There is almost certainly a bit of overegging of the pudding and I wouldn't necessarily accept the figures as given. However, what I would say is that the essence of it is right. Brexit is coming in at a very high cost.

Colville at one point claims he isn’t “making any claims at all about the economic impact of Brexit, positive or negative.”  This is the most telling comment for me because no official body (the Treasury, OBR, Bank of England, IMF, etc) or reputable economist or think tank is arguing there has been any positive impact of Brexit. Even its advocates admit there are negative effects but argue they’re short-term, the sunlit uplands are coming soon, as always. Colville himself doesn't dare claim there are any positive economic impacts

As far as I can see, everyone - even Colville - is arguing about how bad Brexit has been. If Britain was indeed “prospering like never before” there wouldn’t be these gloomy reports and endless speculation about the degree to which the UK economy has been damaged.

In February 2020, just after Brexit day and before the trade talks (or the pandemic) got started Colville was writing in The Times about how Britain would no longer be able to point to EU bureaucrats if things went wrong: We can’t blame the EU if Brexit doesn’t deliver.
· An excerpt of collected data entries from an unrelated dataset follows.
(* Let $\mathcal V=\{1,\dots,V\}$, $L\ge2$, integers $1\le K<V$, distinct positions $l_1,l_2\in\{1,\dots,L\}$, $\rho\in(0,1)$ with $\rho K\in\mathbb N$, $\mu=\rho/(1-\rho)$, $a\in[\rho,1]$, $b=\mu(1-a)$, and $\epsilon\in[0,1/2]$. Let $P$ be the distribution on $\mathcal V^L$ with $P(\mathbf x)=\prod_{l=1}^L P(x_l\mid\mathbf x_{<l})$, where for every $l$ and every context $\mathbf x_{<l}$, $P(\cdot\mid\mathbf x_{<l})$ is uniform on a set $\mathcal S(\mathbf x_{<l})\subset\mathcal V$ of size $K$, with $\mathcal S(\mathbf x_{<l_1})=\{1,\dots,K\}$ for all contexts at position $l_1$. Let $Q$ be the autoregressive distribution whose conditionals equal those of $P$ at every position $l\notin\{l_1,l_2\}$ and every context, and for every context satisfy $$Q(x\mid\mathbf x_{<l_1})=\begin{cases}\frac{a}{\rho K}& x\in\{1,\dots,\rho K\}\\ \frac{b}{\rho K}& x\in\{\rho K+1,\dots,K\}\\ 0&\text{otherwise,}\end{cases}\qquad Q(x\mid\mathbf x_{<l_2})=\begin{cases}\frac{1-\epsilon}{K}& x\in\mathcal S(\mathbf x_{<l_2})\\ \frac{\epsilon}{V-K}&\text{otherwise.}\end{cases}$$ For $t>0$ let $\tau=1/t$ and let $Q^t$ be the tempered distribution $Q^t(\mathbf x)=\prod_{l}Q(x_l\mid\mathbf x_{<l})^{\tau}/\sum_{y\in\mathcal V}Q(y\mid\mathbf x_{<l})^{\tau}$ (with $0^\tau=0$). Set $$F=\frac{(1-\epsilon)^{\tau}}{(1-\epsilon)^{\tau}+(V/K-1)^{1-\tau}\epsilon^{\tau}},\quad \lambda^t_{\min}=\frac{1}{1-\rho}\,\frac{(1-a)^{\tau}}{(1-a)^{\tau}+\mu^{1-\tau}a^{\tau}}\,F,\quad \lambda^t_{\max}=\frac{\mu^{-\tau}}{1-\rho}\,\frac{a^{\tau}}{(1-a)^{\tau}+\mu^{1-\tau}a^{\tau}}\,F.$$ Then: (i) for all $\lambda\ge\lambda^t_{\max}$: $\alpha_\lambda(P\Vert Q^t)=F$ and $\beta_\lambda(P\Vert Q^t)=F/\lambda$; (ii) for all $\lambda\in[\lambda^t_{\min},\lambda^t_{\max}]$ with $\lambda>0$: $\alpha_\lambda(P\Vert Q^t)=\rho\lambda+\frac{(1-a)^{\tau}}{(1-a)^{\tau}+\mu^{1-\tau}a^{\tau}}F$ and $\beta_\lambda(P\Vert Q^t)=\rho+\frac1\lambda\frac{(1-a)^{\tau}}{(1-a)^{\tau}+\mu^{1-\tau}a^{\tau}}F$; (iii) for all $0<\lambda\le\lambda^t_{\min}$: $\alpha_\lambda(P\Vert Q^t)=\lambda$ and $\beta_\lambda(P\Vert Q^t)=1$.
   Context: For distributions $P,Q$ on $\mathcal V^L$ and $\lambda>0$: $\alpha_\lambda(P\Vert Q)=\sum_{\mathbf x}\min(\lambda P(\mathbf x),Q(\mathbf x))$ (Precision) and $\beta_\lambda(P\Vert Q)=\sum_{\mathbf x}\min(P(\mathbf x),Q(\mathbf x)/\lambda)$ (Recall). $\mathbf x_{<l}=(x_1,\dots,x_{l-1})$. Note that $b=\mu(1-a)$ is exactly the value making $Q(\cdot\mid\mathbf x_{<l_1})$ sum to one. *)

(* + MathComp-Analysis (for real powers powR, with 0 `^ t = 0 for t > 0). *)
From mathcomp Require Import all_boot all_order all_algebra.
From mathcomp Require Import reals exp.
Set Implicit Arguments. Unset Strict Implicit. Unset Printing Implicit Defensive.
Import Order.TTheory GRing.Theory Num.Theory.
Local Open Scope ring_scope.

(* Vocabulary 'I_V (token v : 'I_V stands for v+1 in the paper's {1,..,V}).
   Sequences are L.-tuple 'I_V; position l (0-indexed, l : 'I_L) has context
   x_{<l} = take l x, a seq of length l. *)

Definition autoreg (R : realType) (V L : nat) (cond : seq 'I_V -> 'I_V -> R)
  (x : L.-tuple 'I_V) : R :=
  \prod_(i < L) cond (take i x) (tnth x i).

Definition temper (R : realType) (V : nat) (tau : R) (cond : seq 'I_V -> 'I_V -> R)
  (c : seq 'I_V) (x : 'I_V) : R :=
  cond c x `^ tau / \sum_(y : 'I_V) cond c y `^ tau.

(* Precision alpha_lambda(P || Q) and Recall beta_lambda(P || Q) *)
Definition precision (R : realType) (T : finType) (lam : R) (P Q : T -> R) : R :=
  \sum_(x : T) Num.min (lam * P x) (Q x).
Definition recall (R : realType) (T : finType) (lam : R) (P Q : T -> R) : R :=
  \sum_(x : T) Num.min (P x) (Q x / lam).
His 2020 piece began like this:

"In the Brexit debate, details really matter. What level should Britain set its fishing quotas at? What percentage of those should EU vessels have access to? If someone in Germany uses a 3D printer to construct a product designed in the UK, have we exported a good or a service?"
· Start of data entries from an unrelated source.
Lemma cg_chain_min (th : rel A) : is_cong op th -> (forall p q, B p q -> th p q) ->
  forall x y, cg_chain B x y -> th x y.
Proof.
move=> thC Bth; have [threfl thsym thtrans _] := thC.
apply: (cg_chain_ind (R := th)) => [//|x y|x y z|g p q gP /Bth].
- by rewrite thsym.
- exact: thtrans.
- exact: (upoly_cong thC gP).
Qed.

End GeneratedCongruence.

Section CoveringPairs.
Variables (A : finType) (F : Type) (ar : F -> nat) (op : ops A ar).

Lemma in_UA_pair (d d' : rel A) a b : is_cong op d -> is_cong op d' ->
  in_UA op d d' [set a; b] -> d' a b /\ ~~ d a b.
Proof.
move=> dC d'C [f [fP fA [x [y [d'xy dfxy]]]]].
have d'fxy := upoly_cong d'C fP d'xy.
have [drefl dsym _ _] := dC; have [_ d'sym _ _] := d'C.
have fAP t : f t \in [set a; b] by rewrite fA imset_f.
move: (fAP x) (fAP y) d'fxy dfxy; rewrite !inE.
by case/orP=> /eqP-> /orP[]/eqP->; rewrite ?drefl // d'sym dsym; split.
Qed.

Lemma join_irreducible_generated (al alm : rel A) c e :
  join_irreducible op al -> covers op alm al -> al c e -> ~~ alm c e ->
  forall x y, al x y -> cg_chain op (pair_rel c e) x y.
Proof.
move=> [alC _ alJI] [almC _ almal _ almcov] alce almce.
have Cg_al x y : Cg op (pair_rel c e) x y -> al x y.
  by move/asboolP; apply: cg_chain_min => // p q [-> ->].
have Cg_ce : Cg op (pair_rel c e) c e by apply/asboolP/cg_chain_base.
have Cg_almP th : is_cong op th -> subrel_ (Cg op (pair_rel c e)) th ->
    subrel_ alm th -> subrel_ al th.
  move=> thC Cgth almth.
  have almth_al : subrel_ alm (fun x y => th x y && al x y).
    by move=> x y xy; rewrite almth // almal.
  have th_al_al : subrel_ (fun x y => th x y && al x y) al by move=> x y /andP[].
  have [thalm|alth] := almcov _ (cong_meet thC alC) almth_al th_al_al.
  - by rewrite thalm ?Cgth ?alce in almce.
  - by move=> x y /alth/andP[].
have [alCg|alalm] := alJI _ _ (Cg_cong op _) almC Cg_al almal Cg_almP.
- by move=> x y /alCg/asboolP.
- by rewrite alalm in almce.
Qed.

Lemma UA_pair_separated (d d' : rel A) a b :
  covers op d d' -> in_UA op d d' [set a; b] ->
  exists e, [/\ is_upoly op e, forall t, e t \in [set a; b] & e a != e b].
Proof.
move=> [dC d'C dd' _ dcov] abUA; have [d'ab dab] := in_UA_pair dC d'C abUA.
have [e0 [e0P e0A [x [y [d'xy de0xy]]]]] := abUA.
apply: contrapT => nosep.
have collapse g : is_upoly op g -> (forall t, g t \in [set a; b]) -> g a = g b.
  by move=> gP gA; apply: contrapT => /eqP neq; apply: nosep; exists g.
pose th := Cg op (fun p q => d p q \/ pair_rel a b p q).
have th_base p q : d p q \/ pair_rel a b p q -> th p q.
  by move=> pq; apply/asboolP/cg_chain_base.
have d_th : subrel_ d th by move=> p q pq; apply: th_base; left.
have th_d' : subrel_ th d'.
  by move=> p q /asboolP; apply: cg_chain_min => // p' q' [/dd'|[-> ->]].
have [thd|d'th] := dcov th (Cg_cong op _) d_th th_d'.
- by move: dab; rewrite thd // th_base //; right.
- move/negP: de0xy; apply; have /asboolP := d'th _ _ d'xy.
  have [drefl dsym dtrans _] := dC.
  apply: (cg_chain_ind (R := fun u v => d (e0 u) (e0 v))) => [//|u v|u v w|g p q gP].
  + by rewrite dsym.
  + exact: dtrans.
  + have e0gP : is_upoly op (e0 \o g) by apply: is_upoly_comp.
    case=> [pq|[-> ->]]; first exact: (upoly_cong dC e0gP).
    by rewrite [e0 (g a)](collapse (e0 \o g)) // => t; rewrite /= e0A imset_f.
Qed.

End CoveringPairs.

Section LatticeOrder.
Variables (A : finType) (F : Type) (ar : F -> nat) (op : ops A ar) (o i : A).

Local Notation le_al := (le_al op o i).
Local Notation ltgt_al := (ltgt_al op o i).
Local Notation cg_oi := (cg_chain op (pair_rel o i)).

Lemma le_al_refl x : le_al x x.
Proof. by exists (fun=> x); split=> //; apply: is_upoly_cst. Qed.

Lemma le_al_upoly f : is_upoly op f -> forall x y, le_al x y -> le_al (f x) (f y).
Proof. by move=> fP x y [g [gP <- <-]]; exists (f \o g); split=> //; apply: is_upoly_comp. Qed.

Lemma clos_le_al_poly n (p : ('I_n -> A) -> A) : is_poly op p ->
  forall x y, (forall j, clos_trans A le_al (x j) (y j)) -> clos_trans A le_al (p x) (p y).
Proof.
apply: poly_compat_of_upoly => [x|x y z|f fP x y].
- exact/t_step/le_al_refl.
- exact: t_trans.
- by elim=> [u v /(le_al_upoly fP)|u v w _ uv _ vw]; [apply: t_step|apply: t_trans uv vw].
Qed.

Lemma malcev_step_le_al u v : malcev_step op (pair_rel o i) u v -> le_al u v \/ le_al v u.
Proof. by case=> g [_ [_ [gP [-> ->] [[-> ->]|[-> ->]]]]]; [left|right]; exists g. Qed.

Lemma UA_pair_ltgt_al (d d' : rel A) a b : covers op d d' ->
  in_UA op d d' [set a; b] -> cg_oi a b -> ltgt_al a b.
Proof.
move=> dcov abUA ab; have [e [eP eA eab]] := UA_pair_separated dcov abUA.
have [g gP egoi] : exists2 g, is_upoly op g & e (g o) != e (g i).
  apply: contrapT => sep; move/eqP: eab; apply.
  apply: (cg_chain_ind (R := fun u v => e u = e v)) ab => // [u v w -> //|g p q gP [-> ->]].
  by apply: contrapT => /eqP ne; apply: sep; exists g.
have egP : is_upoly op (e \o g) by apply: is_upoly_comp.
split; last by move=> abE; rewrite abE eqxx in eab.
move: (eA (g o)) (eA (g i)) egoi; rewrite !inE.
by case/orP=> /eqP egoE /orP[]/eqP egiE; rewrite egoE egiE ?eqxx // => _;
  [left|right]; exists (e \o g); split; rewrite /= ?egoE ?egiE.
Qed.

Lemma cg_class_connected (al : rel A) : is_cong op al ->
  (forall x y, al x y <-> cg_oi x y) ->
  forall a x y, al a x -> al a y ->
    clos_refl_trans A (fun u v => [/\ al a u, al a v & ltgt_al u v]) x y.
Proof.
move=> [_ alsym altrans _] alE a x y ax ay.
have /alE xy : al x y by rewrite (altrans a) // alsym.
move: ax; elim: xy => [u v uv|u|u w v /alE uw IHuw _ IHwv] au; last 2 first.
- exact: rt_refl.
- exact: rt_trans (IHuw au) (IHwv (altrans u a w au uw)).
have av : al a v by apply: altrans au _; apply/alE/rt_step.
have [->|neq] := eqVneq u v; first exact: rt_refl.
by apply: rt_step; split=> //; split; [apply: malcev_step_le_al|apply/eqP].
Qed.

End LatticeOrder.

Theorem lemma8p2 (A : finType) (F : Type) (ar : F -> nat) (op : ops A ar)
  (al alm : rel A) (o i : A) :
  gen_CM_variety op ->
  typ_sub4 op ->
  join_irreducible op al ->
  covers op alm al ->
  minimal_set op alm al [set o; i] ->
  o != i ->
  (exists h, [/\ poly_equiv_lat2 op [set o; i] (fun x y => x == y) h,
                 h o = false & h i = true]) ->
  [/\ (* (1) *)
      (forall d d' a b, covers op d d' -> subrel_ d' al ->
         minimal_set op d d' [set a; b] -> ltgt_al op o i a b),
      (* (2) *)
      (forall a x y, al a x -> al a y ->
         Relation_Operators.clos_refl_trans A (fun u v => [/\ al a u, al a v & ltgt_al op o i u v]) x y) &
      (* (3) *)
      (forall f, is_upoly op f -> forall x y, le_al op o i x y -> le_al op o i (f x) (f y))
      /\ (forall n (p : ('I_n -> A) -> A), is_poly op p ->
            forall x y : 'I_n -> A,
              (forall j, Relation_Operators.clos_trans A (le_al op o i) (x j) (y j)) ->
              Relation_Operators.clos_trans A (le_al op o i) (p x) (p y))].
Proof.
move=> _ _ alJI alcov [oiUA _] _ _.
have [almC alC _ _ _] := alcov.
have [al_oi alm_oi] := in_UA_pair almC alC oiUA.
have alE x y : al x y <-> cg_chain op (pair_rel o i) x y.
  split; first exact: join_irreducible_generated alJI alcov al_oi alm_oi x y.
  by apply: cg_chain_min => // p q [-> ->].
split.
- move=> d d' a b dcov d'al [abUA _].
  have [dC d'C _ _ _] := dcov.
  have [d'ab _] := in_UA_pair dC d'C abUA.
  exact/(UA_pair_ltgt_al dcov abUA)/alE/d'al.
- exact: cg_class_connected.
- by split; [apply: le_al_upoly|apply: clos_le_al_poly].
Qed.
It now looks laughable to think Britain was able to set its own fishing quotas. The fishing industry has been among the worst hit of all by Brexit. He went on to maintain:

"...discussion of the benefits of Brexit can sometimes concentrate on the transactional. This sector may be damaged by reduced access to the EU market, but there is the potential for that one to benefit if we get our regulations right. Prioritising a trade deal with America may mean concessions that make it harder to get one with China."

It's notable that talk of the 'benefits of Brexit' has fallen silent but back in 2020 Colville was quoting Michael Gove making "a profound point" about the most important consequence of Brexit which was "philosophical: a shift in where responsibility lies."

In short, he is of course referring to 'taking back control' but just like the economic arguments have all turned sour, so is this one.  Increasingly, it's obvious we aren't taking back control but ceding ever more of it to Brussels.  The Irish border and the Windsor Framework couldn't possibly have been the choice of ministers who 'held all the cards'. We were forced to swallow it.

The UKCA mark idea has been dropped, we haven’t diverged to any great extent in any sector and almost certainly won’t in the future. Industry doesn’t want it and ministers aren’t going to force it on them for fear of driving investment away. We've rejoined Horizon and probably Erasmus will be next.

In all sorts of ways, the Brussels effect, the gravitational pull of EU rules and regulations, is most powerful because of our proximity. Trade with the EU as a percentage of the total is actually increasing according to UK in a Changing Europe, reaching 53.3%. This is partly because trade overall isn't growing and the trade deals with Pacific Rim countries aren't having much impact. As UKCE say, it is the old 'gravity' model of trade working as it always has and always will.

So much for Britain shaking free of the 'sclerotic' EU.

Colville is also one of those who seemed to think that Brexit equalled free trade when in fact it was the precise opposite, as many exporters to the EU are finding. I posted about this last June when Colville tweeted about "Defra wanting to impose its own checks on food that already meets EU standards."

This is about the import checks on food arriving from the EU which start at the end of this month. He seems to think the EU is going to check the quality of food in our market. They stopped doing this at the end of 2020.

EU standards only apply to food and goods 'placed for sale to consumers in the single market' - they don't apply to exports. An EU supplier can ship whatever he or she wants outside the EU and it's up to the government of the importing country to check that stuff arriving is safe and wholesome.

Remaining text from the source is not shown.